> **EXERCISE OBJECTIVE**
Find "move=> A0 C0 PC QA." in the material below, then copy that line and every subsequent line to the end, exactly.
- - -
(* Write J for the resolvent J_lambda.  Everything rests on two facts.
   (a) <g, delta_x - delta_y> = g(x)/d_x - g(y)/d_y, so every value in the
       supremum defining KD(x,y) is a difference of the function D^{-1} J f
       at x and at y.  This makes KD(x,x) = 0 and the triangle inequality
       immediate, the latter by splitting the difference at y.
   (b) J is odd, J(-f) = -J f, and Lip^1_w is symmetric, which gives
       KD(x,y) <= KD(y,x) and hence symmetry.
   Oddness comes from the uniqueness of solutions of f in g + lambda L(D^{-1} g),
   which follows from the monotonicity of the hypergraph Laplacian L; this
   in turn is a consequence of the structure of the convex sets B_e and of
   the argmax sets.  Finally, for x <> y we exhibit a Lipschitz f with
   J f = t D delta_x for some t > 0 (rescaling any preimage of D delta_x,
   using that distinct vertices are at distance >= 1), so KD(x,y) >= t > 0.
   The file develops B_e, then L, then J, then KD, and ends with the theorem. *)

(* The algebraic core of the monotonicity of L on one hyperedge: if A, C are
   the maximal values of b^T h_1, b^T h_2 and P, Q the values at the other
   maximizer, then A (A - P) - C (Q - C) >= (A - C)^2 >= 0. *)
Lemma argmax_pairing_ge0 (R : realFieldType) (A C P Q : R) :
  0 <= A -> 0 <= C -> P <= C -> Q <= A -> 0 <= A * (A - P) - C * (Q - C).
Proof.
move=> A0 C0 PC QA.
have AP : A * P <= A * C by apply: ler_wpM2l.
have CQ : C * Q <= C * A by apply: ler_wpM2l.
have := sqr_ge0 (A - C); nra.
Qed.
- - -
> **RESULT FOR THIS EXERCISE**
move=> A0 C0 PC QA.
have AP : A * P <= A * C by apply: ler_wpM2l.
have CQ : C * Q <= C * A by apply: ler_wpM2l.
have := sqr_ge0 (A - C); nra.
Qed.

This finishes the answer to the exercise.